## INSTRUCTIONS FOR THE TASK
Copies of all lines that contain "subrr" are needed; take them from the data below.

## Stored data
/---

Theorem mainTheorem9 (U : finType) (Y : {set {set U}}) (n : nat)
  (X : 'I_n -> Type) (x0 x1 : forall i, X i)
  (f : (forall i, X i) -> {set U})
  (phi : forall k : 'I_n, X k -> {set U})
  (p : ('I_n -> {set U}) -> {set U}) :
  is_bounded_sublattice Y ->
  (forall i, x0 i <> x1 i) ->
  (forall x, f x \in Y) ->
  BC x0 x1 f ->
  (forall k a, phi k a \in Y) ->
  (forall k a, phi k (x0 k) \subset phi k a /\ phi k a \subset phi k (x1 k)) ->
  polynomial_function Y p ->
  let a := fun k => phi k (x0 k) in
  let b := fun k => phi k (x1 k) in
  let cminus := fun I : {set 'I_n} =>
    cl Y (f (hat1 x0 x1 I) :&: \bigcap_(i | i \notin I) ~: a i) in
  let cplus := fun I : {set 'I_n} =>
    int Y (f (hat1 x0 x1 I) :|: \bigcup_(i in I) ~: b i) in
  let pminus := fun y : 'I_n -> {set U} =>
    \bigcup_(I : {set 'I_n}) (cminus I :&: \bigcap_(i in I) y i) in
  let pplus := fun y : 'I_n -> {set U} =>
    \bigcup_(I : {set 'I_n}) (cplus I :&: \bigcap_(i in I) y i) in
  (forall x : forall i, X i, f x = p (fun i => phi i (x i)))
  <->
  ((forall (k : 'I_n) (c : X k),
      Phi_minus Y x0 f c \subset phi k c /\ phi k c \subset Phi_plus Y x1 f c)
   /\ (forall y : 'I_n -> {set U}, (forall i, y i \in Y) ->
         pminus y \subset p y /\ p y \subset pplus y)).
Proof.
move=> HY _ _ hBC phiY phiB [t [tY pt]] a b cminus cplus pminus pplus.
split=> [fp | [Phi_bounds p_bounds] x].
- have fE x : f x = leval t (fun i => phi i (x i)) by rewrite fp pt.
  split=> [k c | y yY].
    by split; [exact: (Phi_minus_sub x0 phiY fE) | exact: (sub_Phi_plus x1 phiY fE)].
  rewrite pt //; split; last exact: (leval_sub_pplus x0 x1 HY tY fE).
  by apply/bigcupsP => I _; exact: (cminus_sub x0 x1 HY tY fE).
- have [lo hi] := p_bounds _ (fun i => phiY i (x i)).
  have Phi_lo k c := (Phi_bounds k c).1; have Phi_hi k c := (Phi_bounds k c).2.
  apply/eqP; rewrite eqEsubset; apply/andP; split.
    exact: subset_trans (f_sub_pminus hBC phiB Phi_lo x) lo.
  exact: subset_trans hi (pplus_sub_f hBC phiB Phi_hi x).
Qed.
(* In the second case [u] and [v] are mirror images in the direction [d]. *)
Lemma eq_norm_dot_cases u v d :
  pdot u u = pdot v v -> pdot u d = pdot v d -> u = v \/ pcross (u + v) d = 0.
Proof.
move=> uv ud; have [->|neq] := eqVneq u v; [by left | right].
apply/eqP; apply: contraNT neq => nd; rewrite -subr_eq0; apply/eqP.
apply: (orthogonal_noncollinear_eq0 nd).
  have -> : pdot (u - v) (u + v) = pdot u u - pdot v v by rewrite /pdot /=; ring.
  by rewrite uv subrr.
by rewrite pdotBl ud subrr.
Qed.

Lemma pdot_equidistant F X Y :
  pdot (F - Y) (F - Y) - pdot (F - X) (F - X) = pdot (X + Y - F - F) (Y - X).
Proof. by rewrite /pdot /=; ring. Qed.

Lemma vscale_sqr_cancel k l u v : k != 0 -> pdot v v = k ^+ 2 ->
  vscale k u = vscale l v -> pdot u u = l ^+ 2.
Proof.
move=> k0 vk /(congr1 (fun z => pdot z z)); rewrite !pdot_selfZ vk => e.
by apply: (mulfI (expf_neq0 2 k0)); rewrite e mulrC.
Qed.

(* The tangency hypothesis says that the focal radii [P - F] and [P - G] make
   equal angles with [XY], up to the sign [e]; [X + Y - F] is the mirror image
   of [F] in [XY] because [F] projects onto the midpoint of [XY]. *)
Lemma mirror_focus_dist {F G P X Y e} :
  e ^+ 2 = 1 -> P != G -> X != Y -> on_line X Y P ->
  pdist P G * pdot (P - F) (Y - X) + e * pdist P F * pdot (P - G) (Y - X) = 0 ->
  pdist F X = pdist F Y ->
  pdot (G - F) (G - F) != (pdist P G + e * pdist P F) ^+ 2 ->
  pdot (X + Y - F - G) (X + Y - F - G) = (pdist P G + e * pdist P F) ^+ 2.
Proof.
move=> e2 PG XY onXY tang /eq_pdist eqFXY neFG.
have q0 : pdist P G != 0 by rewrite gt_eqF ?pdist_gt0.
have hU := pdist_sqr P F; have hV := pdist_sqr P G.
move: (pdist P F) (pdist P G) hU hV q0 tang neFG => p q hU hV q0 tang neFG.
have mid0 : pdot (X + Y - F - F) (Y - X) = 0 by rewrite -pdot_equidistant eqFXY subrr.
have lineXP : pcross (X - P) (Y - X) = 0.
  by move: onXY; rewrite /on_line /pcross /=; lra.
have lineYP : pcross (Y - P) (Y - X) = 0.
  by move: lineXP; rewrite /pcross /=; lra.
set d := Y - X in tang mid0 lineXP lineYP *.
have d0 : d != 0 by rewrite subr_eq0 eq_sym.
set x := vscale q (P - F); set y := vscale (- (e * p)) (P - G).
have xd : pdot x d = pdot y d by rewrite !pdotZl; lra.
have [exy | xyd] : x = y \/ pcross (x + y) d = 0.
  apply: eq_norm_dot_cases xd.
  by rewrite !pdot_selfZ -hU -hV sqrrN exprMn e2 mul1r mulrC.
- exfalso; move/negP: neFG; apply; apply/eqP; rewrite -sqrrN.
  apply: (@vscale_sqr_cancel q _ _ (P - G)) => //.
  have -> : vscale q (G - F) = vscale (- (q + e * p)) (P - G) + (x - y).
    by apply: point_eq; rewrite /x /y /vscale /=; ring.
  by rewrite exy subrr addr0.
set w := vscale q (X + Y - F - G) - vscale (q + e * p) (P - G).
suff w0 : w = 0.
  apply: (@vscale_sqr_cancel q (q + e * p) _ (P - G)) => //.
  by apply/eqP; rewrite -subr_eq0 -/w w0.
apply: (dot_cross_eq0 d0).
  have -> : w = vscale q (X + Y - F - F) - (x - y).
    by apply: point_eq; rewrite /w /x /y /vscale /=; ring.
  by rewrite pdotBl pdotZl mid0 pdotBl xd subrr mulr0 subrr.
have -> : w = vscale q (X - P + (Y - P)) + (x + y).
  by apply: point_eq; rewrite /w /x /y /vscale /=; ring.
by rewrite pcrossDl pcrossZl pcrossDl lineXP lineYP xyd !addr0 mulr0.
Qed.

Lemma pdot_sub_equidistant O O' X Y :
  2 * pdot (O - O') (Y - X) =
  (pdot (O' - Y) (O' - Y) - pdot (O' - X) (O' - X))
  - (pdot (O - Y) (O - Y) - pdot (O - X) (O - X)).
Proof. by rewrite /pdot /=; ring. Qed.

Lemma circumcenter_unique {O O' A B C} : nondeg_triangle A B C ->
  is_circumcenter O A B C -> is_circumcenter O' A B C -> O = O'.
Proof.
move=> nd [OAB OBC] [O'AB O'BC].
have perp X Y : pdist O X = pdist O Y -> pdist O' X = pdist O' Y ->
    pdot (O - O') (Y - X) = 0.
  move=> /eq_pdist e /eq_pdist e'; have := pdot_sub_equidistant O O' X Y.
  by rewrite e e' !subrr; lra.
apply/eqP; rewrite -subr_eq0; apply/eqP.
apply: (orthogonal_noncollinear_eq0 nd); apply: perp => //.
- by rewrite OAB.
- by rewrite O'AB.
Qed.

(* [A + B + C - O - O] is the orthocenter of [ABC] (Sylvester's relation). *)
Lemma mirror_circumcenter {O H A B C r} : nondeg_triangle A B C ->
  is_circumcenter O A B C ->
  pdist (A + B - O) H = r -> pdist (B + C - O) H = r -> pdist (C + A - O) H = r ->
  H = A + B + C - O - O /\ pdist O A = r.
Proof.
move=> nd hO hC hA hB; set O' := A + B + C - O - H.
have O'A : pdist O' A = r.
  by rewrite -hA; apply: pdist_eq_sub; apply: point_eq; rewrite /O' /=; ring.
have O'B : pdist O' B = r.
  by rewrite -hB; apply: pdist_eq_sub; apply: point_eq; rewrite /O' /=; ring.
have O'C : pdist O' C = r.
  by rewrite -hC; apply: pdist_eq_sub; apply: point_eq; rewrite /O' /=; ring.
have eO : O = O'.
  by apply: (circumcenter_unique nd hO); split; rewrite ?O'A ?O'B ?O'C.
split; last by rewrite eO.
by rewrite {2}eO /O'; apply: point_eq => /=; ring.
Qed.

Lemma pdot_vertex_add A B C :
  pdot (vsub B A) (vsub C A) + pdot (vsub A B) (vsub C B) = pdot (B - A) (B - A).
Proof. by rewrite /pdot /=; ring. Qed.

Lemma gram_det_eq0 u v w :
  pdot u u * pdot v v * pdot w w + 2 * pdot v w * pdot w u * pdot u v
  - pdot u u * pdot v w ^+ 2 - pdot v v * pdot w u ^+ 2 - pdot w w * pdot u v ^+ 2 = 0.
Proof. by rewrite /pdot; ring. Qed.

(* Modulo the three norm equations, the claim is a polynomial multiple of the
   planar Gram determinant of [A - O], [B - O], [C - O], which vanishes. *)
Lemma vertex_dots_prod {O A B C r} :
  pdot (A - O) (A - O) = r -> pdot (B - O) (B - O) = r -> pdot (C - O) (C - O) = r ->
  8 * r * (pdot (vsub B A) (vsub C A) * pdot (vsub A B) (vsub C B)
           * pdot (vsub A C) (vsub B C)) =
  - (pdot (B - A) (B - A) * pdot (C - B) (C - B) * pdot (A - C) (A - C))
    * (pdist O (A + B + C - O - O) ^+ 2 - r).
Proof.
move=> hA hB hC; rewrite pdist_sqr.
have G0 := gram_det_eq0 (A - O) (B - O) (C - O); rewrite hA hB hC in G0.
move: G0; set x := pdot (B - O) (C - O); set y := pdot (C - O) (A - O).
set z := pdot (A - O) (B - O) => G0.
have eAB : pdot (B - A) (B - A) = pdot (A - O) (A - O) + pdot (B - O) (B - O) - 2 * z.
  by rewrite /z /pdot /=; ring.
have eBC : pdot (C - B) (C - B) = pdot (B - O) (B - O) + pdot (C - O) (C - O) - 2 * x.
  by rewrite /x /pdot /=; ring.
have eCA : pdot (A - C) (A - C) = pdot (C - O) (C - O) + pdot (A - O) (A - O) - 2 * y.
  by rewrite /y /pdot /=; ring.
have eA : pdot (vsub B A) (vsub C A) = pdot (A - O) (A - O) + x - y - z.
  by rewrite /x /y /z /pdot /=; ring.
have eB : pdot (vsub A B) (vsub C B) = pdot (B - O) (B - O) + y - x - z.
  by rewrite /x /y /z /pdot /=; ring.
have eC : pdot (vsub A C) (vsub B C) = pdot (C - O) (C - O) + z - x - y.
  by rewrite /x /y /z /pdot /=; ring.
have eH : pdot (O - (A + B + C - O - O)) (O - (A + B + C - O - O)) =
          pdot (A - O) (A - O) + pdot (B - O) (B - O) + pdot (C - O) (C - O)
          + 2 * (x + y + z).
  by rewrite /x /y /z /pdot /=; ring.
rewrite eAB eBC eCA eA eB eC eH hA hB hC; apply/eqP; rewrite -subr_eq0; apply/eqP.
rewrite -[RHS](mulr0 (2 * (12 * r - 4 * (x + y + z)))) -G0; ring.
Qed.

Lemma nondeg_triangle_sides {A B C} : nondeg_triangle A B C ->
  [/\ 0 < pdot (B - A) (B - A), 0 < pdot (C - B) (C - B) & 0 < pdot (A - C) (A - C)].
Proof.
move=> nd; rewrite !pdot_gt0 !subr_eq0.
by split; apply: contraNneq nd => e; apply/eqP; rewrite e /pcross /=; ring.
Qed.

Lemma gt0_of_pairwise_sums (x y z : R) :
  0 < x + y -> 0 < y + z -> 0 < z + x -> 0 < x * y * z -> [/\ 0 < x, 0 < y & 0 < z].
Proof.
move=> xy yz zx xyz.
have [x0|x0] := ltrP 0 x; last first.
  have : 0 < y * z by rewrite mulr_gt0 //; lra.
  nra.
have [y0|y0] := ltrP 0 y; last first.
  have : 0 < x * z by rewrite mulr_gt0 //; lra.
  nra.
have [z0|z0] := ltrP 0 z => //.
have : 0 < x * y by rewrite mulr_gt0.
nra.
Qed.

Lemma lt0_of_prod (x y z : R) : x * y * z < 0 -> [\/ x < 0, y < 0 | z < 0].
Proof.
move=> xyz; have [x0|x0] := ltrP x 0; first by constructor 1.
have [y0|y0] := ltrP y 0; first by constructor 2.
have [z0|z0] := ltrP z 0; first by constructor 3.
have : 0 <= x * y * z by rewrite !mulr_ge0.
lra.
Qed.

Lemma vertex_dots_prod_sign {O A B C} :
  nondeg_triangle A B C -> is_circumcenter O A B C ->
  exists2 k, 0 < k &
  pdot (vsub B A) (vsub C A) * pdot (vsub A B) (vsub C B) * pdot (vsub A C) (vsub B C)
  = k * (pdist O A ^+ 2 - pdist O (A + B + C - O - O) ^+ 2).
Proof.
move=> nd [OAB OBC]; have [sAB sBC sCA] := nondeg_triangle_sides nd.
set r := pdist O A ^+ 2.
have hA : pdot (A - O) (A - O) = r by rewrite /r pdistC pdist_sqr.
have hB : pdot (B - O) (B - O) = r by rewrite /r OAB pdistC pdist_sqr.
have hC : pdot (C - O) (C - O) = r by rewrite /r OAB OBC pdistC pdist_sqr.
have r0 : 0 < r.
  rewrite exprn_gt0 // pdist_gt0; apply: contraTneq sAB => eOA.
  have : ~~ (0 < pdist O B) by rewrite -OAB eOA pdist_gt0 eqxx.
  by rewrite pdist_gt0 negbK -eOA => /eqP <-; rewrite subrr pdot_gt0 eqxx.
exists (pdot (B - A) (B - A) * pdot (C - B) (C - B) * pdot (A - C) (A - C) / (8 * r)).
  by apply: divr_gt0; [rewrite !mulr_gt0 | rewrite mulr_gt0].
have r8 : 8 * r != 0 by rewrite gt_eqF // mulr_gt0.
apply: (mulfI r8); rewrite (vertex_dots_prod hA hB hC) -/r.
by field; rewrite gt_eqF.
Qed.

Lemma acute_of_orthocenter_inside O A B C : nondeg_triangle A B C ->
  is_circumcenter O A B C -> pdist O (A + B + C - O - O) < pdist O A -> acute A B C.
Proof.
move=> nd hO inside; have [k k0 prodE] := vertex_dots_prod_sign nd hO.
have [sAB sBC sCA] := nondeg_triangle_sides nd.
apply: gt0_of_pairwise_sums.
- by rewrite pdot_vertex_add.
- by rewrite pdotC (pdotC (vsub A C)) pdot_vertex_add.
- by rewrite (pdotC (vsub B A)) pdot_vertex_add.
- by rewrite prodE pmulr_rgt0 // subr_gt0 ltrXn2r ?pdist_ge0.
Qed.

Lemma obtuse_of_orthocenter_outside O A B C : nondeg_triangle A B C ->
  is_circumcenter O A B C -> pdist O A < pdist O (A + B + C - O - O) -> obtuse A B C.
Proof.
move=> nd hO outside; have [k k0 prodE] := vertex_dots_prod_sign nd hO.
by apply: lt0_of_prod; rewrite prodE pmulr_rlt0 // subr_lt0 ltrXn2r ?pdist_ge0.
Qed.

Lemma acute_not_obtuse A B C : acute A B C -> ~ obtuse A B C.
Proof. by case=> dA dB dC [] ?; lra. Qed.

Definition semi_axis (K : conic R) : R :=
  match K with Ellipse _ _ a | Hyperbola _ _ a => a end.

Definition focal_sign (K : conic R) : R := if K is Ellipse _ _ _ then 1 else -1.

Definition foci (K : conic R) F G : Prop :=
  (F = focus1 K /\ G = focus2 K) \/ (F = focus2 K /\ G = focus1 K).

Lemma focal_sign_sqr K : focal_sign K ^+ 2 = 1.
Proof. by case: K => * /=; rewrite ?sqrrN expr1n. Qed.

Lemma conic_cases K : is_ellipse K \/ is_hyperbola K.
Proof. by case: K; [left | right]. Qed.

Lemma central_conic_foci {K F G} : central_conic K -> foci K F G ->
  [/\ 0 < semi_axis K, is_ellipse K -> pdist F G < 2 * semi_axis K
    & is_hyperbola K -> 2 * semi_axis K < pdist F G].
Proof.
by case: K => F1 F2 a [a0 hF] [[-> ->] | [-> ->]]; rewrite ?(pdistC F2); split => // _.
Qed.

Lemma on_central_conic {K F G P} : central_conic K -> foci K F G -> on_conic K P ->
  [/\ P != F, P != G
    & (pdist P G + focal_sign K * pdist P F) ^+ 2 = (2 * semi_axis K) ^+ 2].
Proof.
case: K => F1 F2 a [a0 hF] hFG /= onK.
- have PF1 : P != F1.
    by apply: contraTneq hF => eP; rewrite -onK eP pdistxx add0r ltxx.
  have PF2 : P != F2.
    by apply: contraTneq hF => eP; rewrite -onK eP pdistxx addr0 pdistC ltxx.
  by case: hFG => -[-> ->]; split => //; rewrite mul1r -onK // addrC.
- have PF1 : P != F1.
    apply: contraTneq hF => eP.
    by rewrite -onK eP pdistxx sub0r normrN ger0_norm ?pdist_ge0 ?ltxx.
  have PF2 : P != F2.
    apply: contraTneq hF => eP.
    by rewrite -onK eP pdistxx subr0 ger0_norm ?pdist_ge0 // pdistC ltxx.
  by case: hFG => -[-> ->]; rewrite -onK real_normK ?num_real //; split => //; ring.
Qed.

Lemma pdot_conic_normal K P d : P != focus1 K -> P != focus2 K ->
  pdist P (focus1 K) * pdist P (focus2 K) * pdot (conic_normal K P) d =
  pdist P (focus2 K) * pdot (P - focus1 K) d
  + focal_sign K * pdist P (focus1 K) * pdot (P - focus2 K) d.
Proof.
case: K => F1 F2 a /=; rewrite -!pdist_gt0 => p0 q0;
  rewrite /conic_normal /unitv -/(pdist P F1) -/(pdist P F2) /pdot /=;
  by field; rewrite !gt_eqF.
Qed.

Lemma conic_tangency {K F G P d} : foci K F G -> P != F -> P != G ->
  pdot (conic_normal K P) d = 0 ->
  pdist P G * pdot (P - F) d + focal_sign K * pdist P F * pdot (P - G) d = 0.
Proof.
move=> [[-> ->] | [-> ->]] PF PG n0; first by rewrite -pdot_conic_normal // n0 mulr0.
have := pdot_conic_normal d PG PF; rewrite n0 mulr0.
move=> /esym/(congr1 (GRing.mul (focal_sign K))).
by rewrite mulr0 mulrDr !mulrA -expr2 focal_sign_sqr mul1r addrC.
Qed.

\---

## TASK SOLUTION
  by rewrite uv subrr.
by rewrite pdotBl ud subrr.
have mid0 : pdot (X + Y - F - F) (Y - X) = 0 by rewrite -pdot_equidistant eqFXY subrr.
  by rewrite exy subrr addr0.
  by rewrite pdotBl pdotZl mid0 pdotBl xd subrr mulr0 subrr.
  by rewrite e e' !subrr; lra.
  by rewrite pdist_gt0 negbK -eOA => /eqP <-; rewrite subrr pdot_gt0 eqxx.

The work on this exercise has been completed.